GAA Football

Family feel behind Derry's recent revival believes Killian Conlan

Killian Conlan (left) as assistant to Derry football manager Damian McErlain against Kildare during the 2018 All-Ireland SFC round one qualifier at Owenbeg, Derry.
Picture Margaret McLaughlin
Michael McMullan

A PERSONAL touch and a family feel have helped Derry maintain their recent minor resurgence, insists former minor and senior coach Killian Conlan.

Having featured in a sixth Ulster final in eight seasons, Derry’s current minor crop take on Galway in Saturday’s All-Ireland semi-final.

Conlan also believes Derry seniors’ recent Ulster success had some of its roots in confidence generated from minor success.

Conor Glass, Shea Downey, and Shane McGuigan were on the 2015 winning team that overcame a fancied Donegal on their way to ending a 13-year minor famine.

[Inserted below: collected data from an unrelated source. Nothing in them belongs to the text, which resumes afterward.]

Lemma covered_new_disjoint s t : s \in A -> t \in new_stars ->
  [disjoint star_edges s & star_edges t].
Proof.
move=> As newt; rewrite disjoints_subset; apply/subsetP => e es; rewrite inE.
apply/negP => et; have [/setDP[_ /negP ncov] _] := new_star_edge newt et.
by apply: ncov; apply/bigcupP; exists s.
Qed.

Lemma completable_of_blocks : completable k A.
Proof.
exists (A :|: new_stars); split; [exact: subsetUl | split; [split|]].
- by move=> s /setUP[/designA.1 | /new_star_kstar].
- move=> s t /setUP[As|news] /setUP[At|newt] sNt.
  + exact: designA.2.
  + exact: covered_new_disjoint.
  + by rewrite disjoint_sym; apply: covered_new_disjoint.
  + exact: new_stars_disjoint.
- apply/eqP; rewrite eqEsubset; apply/andP; split.
    apply/bigcupsP => s /setUP[As|news]; apply: star_edges_complete.
      exact: designA.1.
    exact: new_star_kstar.
  apply/subsetP => e Ke; case: (boolP (e \in covered_edges)) => [/bigcupP[s As es]|ncov].
    by apply/bigcupP; exists s; rewrite ?inE ?As.
  have [|s news es] := new_stars_cover (e := e); first by rewrite inE ncov.
  by apply/bigcupP; exists s; rewrite ?inE ?news ?orbT.
Qed.
End Blocks.

Lemma completable_of_orientation : 0 < k ->
  (forall v, k %| indegree g (complete_edges n) v) -> completable k A.
Proof.
move=> k_gt0 k_dvd.
have [blocks partP cardP] :=
  fin_all_exists2 (fun v => uniform_partition k_gt0 (k_dvd_free_nbrs (k_dvd v))).
exact: completable_of_blocks partP cardP.
Qed.
End CompatibleOrientation.
End Completion.

Lemma bin2_mul2 m : 'C(m, 2) * 2 = m * m.-1.
Proof. by rewrite bin2 -divn2 divnK // dvdn2 oddM; case: m => //= m; rewrite andNb. Qed.

Lemma bin2D s t : 'C(s + t, 2) = 'C(s, 2) + s * t + 'C(t, 2).
Proof.
apply/eqP; rewrite -(eqn_pmul2r (_ : 0 < 2)) // !mulnDl !bin2_mul2.
case: s => [|s]; case: t => [|t]; rewrite ?addn0 ?add0n ?muln0 ?mul0n //=; apply/eqP; nia.
Qed.

Lemma admissible_bounds k n Q : 3 <= k -> 'C(n, 2) = Q * k -> 2 * k + 1 < n -> n <= 3 * k ->
  [/\ 2 * k + 3 <= n, n + 3 <= Q & 2 * Q <= 4 * n - 3 * k].
Proof.
move=> k3 binQ n_gt n_le; have := bin2_mul2 n; rewrite binQ => nQ.
have n_ge : 2 * k + 3 <= n.
  have [//|n_lt] := leqP (2 * k + 3) n; have n_eq : n = 2 * k + 2 by lia.
  rewrite n_eq in nQ; case: (ltnP Q (2 * k + 4)) => Q_k; have := leq_mul Q_k (leqnn k); nia.
split => //; first by have [//|Q_lt] := leqP (n + 3) Q; nia.
by case: (leqP (2 * Q) (4 * n - 3 * k)) => [//|Q_gt]; nia.
Qed.

Lemma hall_small_arith k s : 1 <= s <= 2 * k -> 'C(s, 2) + k <= k * s.
Proof. by move=> /andP[s1 s2]; have := bin2_mul2 s; nia. Qed.

Lemma hall_large_arith k s t a b c : 2 * k + 1 <= s -> 2 * k + 3 <= s + t -> a + b <= 3 ->
  c + b = t -> c * (2 * k + 1) + b * (2 * k + a) <= s * t + 'C(t, 2).
Proof.
move=> s_ge st_ge ab cb; have t2 := bin2_mul2 t.
have : b <= 3 by lia.
by case: b ab cb => [|[|[|[|//]]]] ab cb; nia.
Qed.

Section ThreeStars.
Variables (n k Q : nat) (A : {set star n}).
Hypotheses (k_ge3 : 3 <= k) (binQ : 'C(n, 2) = Q * k) (n_gt : 2 * k + 1 < n) (n_le : n <= 3 * k).
Hypotheses (designA : partial_kstar_design k A) (A3 : #|A| = 3).
Implicit Types (S H : {set 'I_n}) (v : 'I_n) (s : star n).

Definition centers := [set s.1 | s in A].
Definition leaf_deg v := #|[set s in A | v \in s.2]|.

Lemma sum_leaf_deg : \sum_v leaf_deg v = 3 * k.
Proof.
rewrite /leaf_deg -(double_count (mem A) xpredT (fun s v => v \in s.2)) -A3.
rewrite -sum_nat_const; apply: eq_bigr => s As.
by have /andP[_ /eqP <-] := designA.1 s As; apply: eq_card => v; rewrite inE.
Qed.
(* Let $R$ be a $*$-ring with unity and $a,b\in R$. The following are equivalent: (i) $a$ and $b$ are generalized comparable; (ii) there exist decompositions $a=x+y$ and $b=z+w$ with $x\perp y$, $z\perp w$, $x\sim z$, and $y,w$ very orthogonal.
   Context: Natural partial order: $a\leq b$ iff there is $x\in R$ with $a=xa=xb=ax^*=bx^*$. Orthogonality: $a\perp b$ iff there is $x\in R$ with $xa=a=ax^*$, $xb=0=bx^*$. Equivalence: $a\sim b$ iff there exist $x,y\in R$ with $aa^*=xx^*$, $bb^*=yy^*$, $a^*a=y^*y$, $b^*b=x^*x$, $x=ax=xb$, $y=by=ya$. Dominance: $a\lesssim b$ iff $a\sim c\leq b$ for some $c$. $a,b$ are generalized comparable if there is a central projection $h$ ($h=h^2=h^*$ central) with $ha\lesssim hb$ and $(1-h)b\lesssim(1-h)a$. $y,w$ are very orthogonal if there is a central projection $h$ with $hy=y$ and $hw=0$ (or with the roles interchanged as needed; the paper's definition: $ha=a$, $hb=0$ for the pair $(a,b)$, and in (ii) $y,w$ very orthogonal is used with $hw=w$, $hy=0$). *)

From mathcomp Require Import all_boot all_algebra.
Set Implicit Arguments. Unset Strict Implicit. Unset Printing Implicit Defensive.
Import GRing.Theory.
Local Open Scope ring_scope.

Definition is_involution (R : pzRingType) (star : R -> R) : Prop :=
  (forall x y : R, star (x + y) = star x + star y) /\
  (forall x y : R, star (x * y) = star y * star x) /\
  (forall x : R, star (star x) = x).

Section StarDefs.
Variables (R : pzRingType) (star : R -> R).

Definition central_proj (h : R) : Prop :=
  h = h * h /\ h = star h /\ (forall r : R, h * r = r * h).

Definition sleq (a b : R) : Prop :=
  exists x : R, a = x * a /\ a = x * b /\ a = a * star x /\ a = b * star x.

Definition sorth (a b : R) : Prop :=
  exists x : R, x * a = a /\ a = a * star x /\ x * b = 0 /\ 0 = b * star x.

Definition sequiv (a b : R) : Prop :=
  exists x y : R,
    a * star a = x * star x /\ b * star b = y * star y /\
    star a * a = star y * y /\ star b * b = star x * x /\
    x = a * x /\ a * x = x * b /\ y = b * y /\ b * y = y * a.

Definition sdom (a b : R) : Prop := exists c : R, sequiv a c /\ sleq c b.

Definition gen_comparable (a b : R) : Prop :=
  exists h : R, central_proj h /\
    sdom (h * a) (h * b) /\ sdom ((1 - h) * b) ((1 - h) * a).

Definition very_orth (a b : R) : Prop :=
  exists h : R, central_proj h /\ h * a = a /\ h * b = 0.

End StarDefs.

From mathcomp Require Import all_boot all_algebra.
Set Implicit Arguments. Unset Strict Implicit. Unset Printing Implicit Defensive.
Import GRing.Theory.
Local Open Scope ring_scope.

(* A central projection h splits R into the corners hR and (1-h)R, which
   annihilate each other, and each of the relations ⊥, ~, ≤ is computed
   corner by corner.  If h a ~ c ≤ h b and (1-h) b ~ d ≤ (1-h) a, then
   c ⊥ h b - c and d ⊥ (1-h) a - d, so x = h a + d and z = c + (1-h) b are
   equivalent, while the remainders w = h b - c and y = (1-h) a - d live in
   the corners hR and (1-h)R.  Conversely, if a central projection k kills y
   and fixes w, then k a = k x ~ k z ≤ k z + k w = k b and symmetrically on
   the other corner, since u ⊥ v gives u ≤ u + v. *)

Section StarRing.
Variables (R : pzRingType) (star : R -> R).
Hypothesis star_inv : is_involution star.

Lemma starD x y : star (x + y) = star x + star y.
Proof. by case: star_inv. Qed.

Lemma starM x y : star (x * y) = star y * star x.
Proof. by case: star_inv => _ []. Qed.

Lemma starK x : star (star x) = x.
Proof. by case: star_inv => _ []. Qed.

Lemma star0 : star 0 = 0.
Proof. by apply: (addrI (star 0)); rewrite -starD !addr0. Qed.

Lemma starN x : star (- x) = - star x.
Proof. by apply/eqP; rewrite -subr_eq0 opprK -starD addNr star0. Qed.

Lemma starB x y : star (x - y) = star x - star y.
Proof. by rewrite starD starN. Qed.

Lemma star1 : star 1 = 1.
Proof. by rewrite -[LHS]mulr1 -{2}[1]starK -starM mulr1 starK. Qed.

Lemma sorthr0 a : sorth star a 0.
Proof. by exists 1; rewrite star1 mul1r mulr1 mulr0 mul0r. Qed.

Lemma sequiv_sym a b : sequiv star a b -> sequiv star b a.
Proof. by case=> x [y [? [? [? [? [? [? [? ?]]]]]]]]; exists y, x. Qed.

Lemma sleq_sorth_subr c b : sleq star c b -> sorth star c (b - c).
Proof.
case=> u [E1 [E2 [E3 E4]]]; exists u.
by rewrite mulrBr mulrBl -E1 -E2 -E3 -E4 !subrr.
Qed.

Lemma sorth_sleq_addr c d : sorth star c d -> sleq star c (c + d).
Proof.
case=> u [E1 [E2 [E3 E4]]]; exists u.
by rewrite mulrDr mulrDl E1 E3 -E2 -E4 !addr0.
Qed.

Lemma sleq_corner h c b : sleq star c b -> h * b = b -> h * c = c.
Proof. by case=> u [_ [_ [_ E]]] hb; rewrite E mulrA hb. Qed.

Section CentralProjection.
Variable h : R.
Hypothesis hP : central_proj star h.

Lemma cprojM : h * h = h.
Proof. by case: hP. Qed.

Lemma cprojC r : h * r = r * h.
Proof. by case: hP => _ []. Qed.

Lemma star_cproj : star h = h.
Proof. by case: hP => _ []. Qed.

Lemma cproj_compl : central_proj star (1 - h).
Proof.
split; last split.
- by rewrite mulrBl mul1r mulrBr mulr1 cprojM subrr subr0.
- by rewrite starB star1 star_cproj.
- by move=> r; rewrite mulrBl mulrBr mul1r mulr1 cprojC.
Qed.

Lemma cproj_mulK r : h * (h * r) = h * r.
Proof. by rewrite mulrA cprojM. Qed.

Lemma cproj_mul_compl : h * (1 - h) = 0.
Proof. by rewrite mulrBr mulr1 cprojM subrr. Qed.

Lemma cproj_compl_mul : (1 - h) * h = 0.
Proof. by rewrite -cprojC cproj_mul_compl. Qed.

Lemma cprojMM p q : h * p * (h * q) = h * (p * q).
Proof. by rewrite -mulrA (mulrA p) -cprojC -mulrA cproj_mulK. Qed.

Lemma star_cprojM p : star (h * p) = h * star p.
Proof. by rewrite starM star_cproj cprojC. Qed.

Lemma star_corner p : h * p = p -> h * star p = star p.
Proof. by move=> hp; rewrite -star_cprojM hp. Qed.

Lemma corner_mull p r : h * p = p -> h * (p * r) = p * r.
Proof. by move=> hp; rewrite mulrA hp. Qed.

Lemma corner_complM p q : h * p = p -> (1 - h) * q = q -> p * q = 0.
Proof.
move=> hp hq; rewrite -hp -hq [h * p]cprojC -mulrA (mulrA h).
by rewrite cproj_mul_compl mul0r mulr0.
Qed.

Lemma compl_cornerM p q : h * p = p -> (1 - h) * q = q -> q * p = 0.
Proof.
move=> hp hq; rewrite -hp -hq -mulrA (mulrA q) -cprojC -mulrA mulrA.
by rewrite cproj_compl_mul mul0r.
Qed.

Lemma mul_corners p1 q1 p2 q2 :
  h * p1 = p1 -> h * q1 = q1 -> (1 - h) * p2 = p2 -> (1 - h) * q2 = q2 ->
  (p1 + p2) * (q1 + q2) = p1 * q1 + p2 * q2.
Proof.
move=> hp1 hq1 hp2 hq2.
rewrite mulrDl !mulrDr (corner_complM hp1 hq2) (compl_cornerM hq1 hp2).
by rewrite addr0 add0r.
Qed.

Lemma sorth_corner_witness a b : h * a = a -> sorth star a b ->
  exists u,
    [/\ h * u = u, u * a = a, a = a * star u, u * b = 0 & 0 = b * star u].
Proof.
move=> ha [u [E1 [E2 [E3 E4]]]]; exists (h * u).
rewrite cproj_mulK star_cprojM -!mulrA E1 E3 ha mulr0.
by rewrite !mulrA -!cprojC -!mulrA -E2 -E4 ha mulr0.
Qed.

Lemma sorth_cproj a b : sorth star a b -> sorth star (h * a) (h * b).
Proof.
case=> u [E1 [E2 [E3 E4]]]; exists u.
by rewrite !mulrA -!cprojC -!mulrA E1 E3 -E2 -E4 mulr0.
Qed.

Lemma sequiv_cproj a b : sequiv star a b -> sequiv star (h * a) (h * b).
Proof.
case=> x [y [E1 [E2 [E3 [E4 [E5 [E6 [E7 E8]]]]]]]].
exists (h * x), (h * y); rewrite !star_cprojM !cprojMM.
by repeat split; congr (_ * _).
Qed.

End CentralProjection.

Section Corners.
Variables (h p1 q1 p2 q2 : R).
Hypothesis hP : central_proj star h.
Hypotheses (hp1 : h * p1 = p1) (hq1 : h * q1 = q1).
Hypotheses (hp2 : (1 - h) * p2 = p2) (hq2 : (1 - h) * q2 = q2).

Lemma sorth_corners :
  sorth star p1 q1 -> sorth star p2 q2 -> sorth star (p1 + p2) (q1 + q2).
Proof.
have hP' := cproj_compl hP.
move=> /(sorth_corner_witness hP hp1) [u1 [hu1 E1 E2 E3 E4]].
move=> /(sorth_corner_witness hP' hp2) [u2 [hu2 F1 F2 F3 F4]].
exists (u1 + u2).
rewrite starD !(mul_corners hP) ?(star_corner hP) ?(star_corner hP') //.
by rewrite E1 F1 -E2 -F2 E3 F3 -E4 -F4 addr0.
Qed.

Lemma sequiv_corners :
  sequiv star p1 q1 -> sequiv star p2 q2 -> sequiv star (p1 + p2) (q1 + q2).
Proof.
have hP' := cproj_compl hP.
move=> [x1 [y1 [E1 [E2 [E3 [E4 [E5 [E6 [E7 E8]]]]]]]]]
  [x2 [y2 [F1 [F2 [F3 [F4 [F5 [F6 [F7 F8]]]]]]]]].
have hx1 : h * x1 = x1 by rewrite E5 corner_mull.
have hy1 : h * y1 = y1 by rewrite E7 corner_mull.
have hx2 : (1 - h) * x2 = x2 by rewrite F5 corner_mull.
have hy2 : (1 - h) * y2 = y2 by rewrite F7 corner_mull.
exists (x1 + x2), (y1 + y2).
rewrite !starD !(mul_corners hP) ?(star_corner hP) ?(star_corner hP') //.
by repeat split; congr (_ + _).
Qed.

End Corners.

Lemma gen_comparable_decomposition a b : gen_comparable star a b ->
  exists x y z w : R,
    a = x + y /\ b = z + w /\
    sorth star x y /\ sorth star z w /\ sequiv star x z /\
    very_orth star w y.
Proof.
case=> h [hP [[c [ac cb]] [d [bd da]]]].
have hP' := cproj_compl hP.
have hc : h * c = c := sleq_corner cb (cproj_mulK hP b).
have hd : (1 - h) * d = d := sleq_corner da (cproj_mulK hP' a).
have hd0 : h * d = 0 by rewrite -hd mulrA (cproj_mul_compl hP) mul0r.
have hw : h * (h * b - c) = h * b - c by rewrite mulrBr (cproj_mulK hP) hc.
have hy : (1 - h) * ((1 - h) * a - d) = (1 - h) * a - d.
  by rewrite mulrBr (cproj_mulK hP') hd.
exists (h * a + d), ((1 - h) * a - d), (c + (1 - h) * b), (h * b - c).
split; [by rewrite addrACA subrr addr0 mulrBl mul1r addrC subrK |].
split; [by rewrite addrAC [c + _]addrC subrK mulrBl mul1r addrC subrK |].
split.
  rewrite -[_ - d]add0r.
  apply: (sorth_corners hP) => //; rewrite ?mulr0 ?cproj_mulK //.
    exact: sorthr0.
  exact: sleq_sorth_subr.
split.
  rewrite -[_ - c]addr0.
  apply: (sorth_corners hP) => //; rewrite ?mulr0 ?cproj_mulK //.
    exact: sleq_sorth_subr.
  exact: sorthr0.
split.
  apply: (sequiv_corners hP) => //; rewrite ?cproj_mulK //.
  exact: sequiv_sym.
by exists h; rewrite hw mulrBr hd0 mulrA (cproj_mul_compl hP) mul0r subr0.
Qed.

Lemma decomposition_gen_comparable x y z w :
  sorth star x y -> sorth star z w -> sequiv star x z -> very_orth star w y ->
  gen_comparable star (x + y) (z + w).
Proof.
move=> xy zw xz [k [kP [kw ky]]].
have kP' := cproj_compl kP.
have kw0 : (1 - k) * w = 0 by rewrite mulrBl mul1r kw subrr.
exists k; split => //; split.
- exists (k * z); split; first by rewrite mulrDr ky addr0; apply: sequiv_cproj.
  by rewrite mulrDr; apply/sorth_sleq_addr/sorth_cproj.
- exists ((1 - k) * x); split.
    by rewrite mulrDr kw0 addr0; apply/sequiv_sym/sequiv_cproj.
  by rewrite mulrDr; apply/sorth_sleq_addr/sorth_cproj.
Qed.

End StarRing.

Theorem mainTheorem11 (R : pzRingType) (star : R -> R)
    (hstar : is_involution star) (a b : R) :
  gen_comparable star a b <->
  exists x y z w : R,
    a = x + y /\ b = z + w /\
    sorth star x y /\ sorth star z w /\ sequiv star x z /\
    very_orth star w y.
Proof.
split; first exact: gen_comparable_decomposition.
case=> x [y [z [w [-> [-> [xy [zw [xz wy]]]]]]]].
exact: decomposition_gen_comparable.
Qed.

“There was a lot of good work by men prior to that and teams didn’t get over the line,” pointed out Conlan, the then manager Damian McErlain’s right hand man.

Derry began to get their underage structures in place with Owenbeg’s new gym opening its doors.

Another ingredient was getting “harmony” with the school teams and – like Martin Boyle now – McErlain came into the post after being involved with development squads.

“Macker (McErlain) had a great relationship with Paul Hughes (St Patrick’s, Maghera) and that was a really good starting point,” Conlan points out.

“We got them on board at the start. We had a really good trial process where we wanted everybody and anybody to come that wanted to play for Derry.

“It was like a family…we trained hard, we had a bit of craic, we got to know everybody and the schools played ball with us. It seemed to work well and went from strength to strength after that,” Conlan added

With a management team in place, it was the perfect foundation for success with the talent at their disposal.

Of the 30 players on Rory Gallagher’s senior squad, 16 have came through the minor conveyor belt in the last eight seasons.

Having had success at school level, Conlan insists it was the perfect building block for the belief they could also achieve in the red and white of Derry.

“There was a lot of people saying in the run up to the Ulster [senior] final that Donegal would have too much for Derry,” Conlan said of the recent senior final.

He didn’t see it that way. McKaigue would pair up with Paddy McBrearty, with Brendan Rogers going on to Michael Murphy.

“Conor Glass and Shane McGuigan, boys like that, they had no fear of their other players,” he added.

“They had beat them at minor level and there was no doubt that when it came down to a battle at senior level, those boys had it in the tank.”

With underage success, there was a renewed desire to wear the jersey. Current senior player Conor Doherty didn’t make the 2015 minor panel, but made a promise to himself he’d be on board the following season and went on to captain the 2018 U20 winning side.

“He missed out and wanted to be part of it so much,” Conlan said of Doherty’s initial disappointment.

“Once you win everybody wants to be on that train and he is still on it…all the serious people have stayed on the journey.”

Conlan sees the same traits in the current minor management with Martin Boyle “similar” to McErlain. It’s about getting those in with people skills.

“They have a good family atmosphere,” Conlan said of the current minor group. “The families are behind them and it was the same with the [2020] All-Ireland win over Kerry.

“It is an exciting age group and it gives everybody a lift. Some of the friendships you have…you might not see them from week to week, but when you do, you always remember those days.

“It’s great so see that pastoral element evident in Derry and its one of the main reasons why they are doing so well.”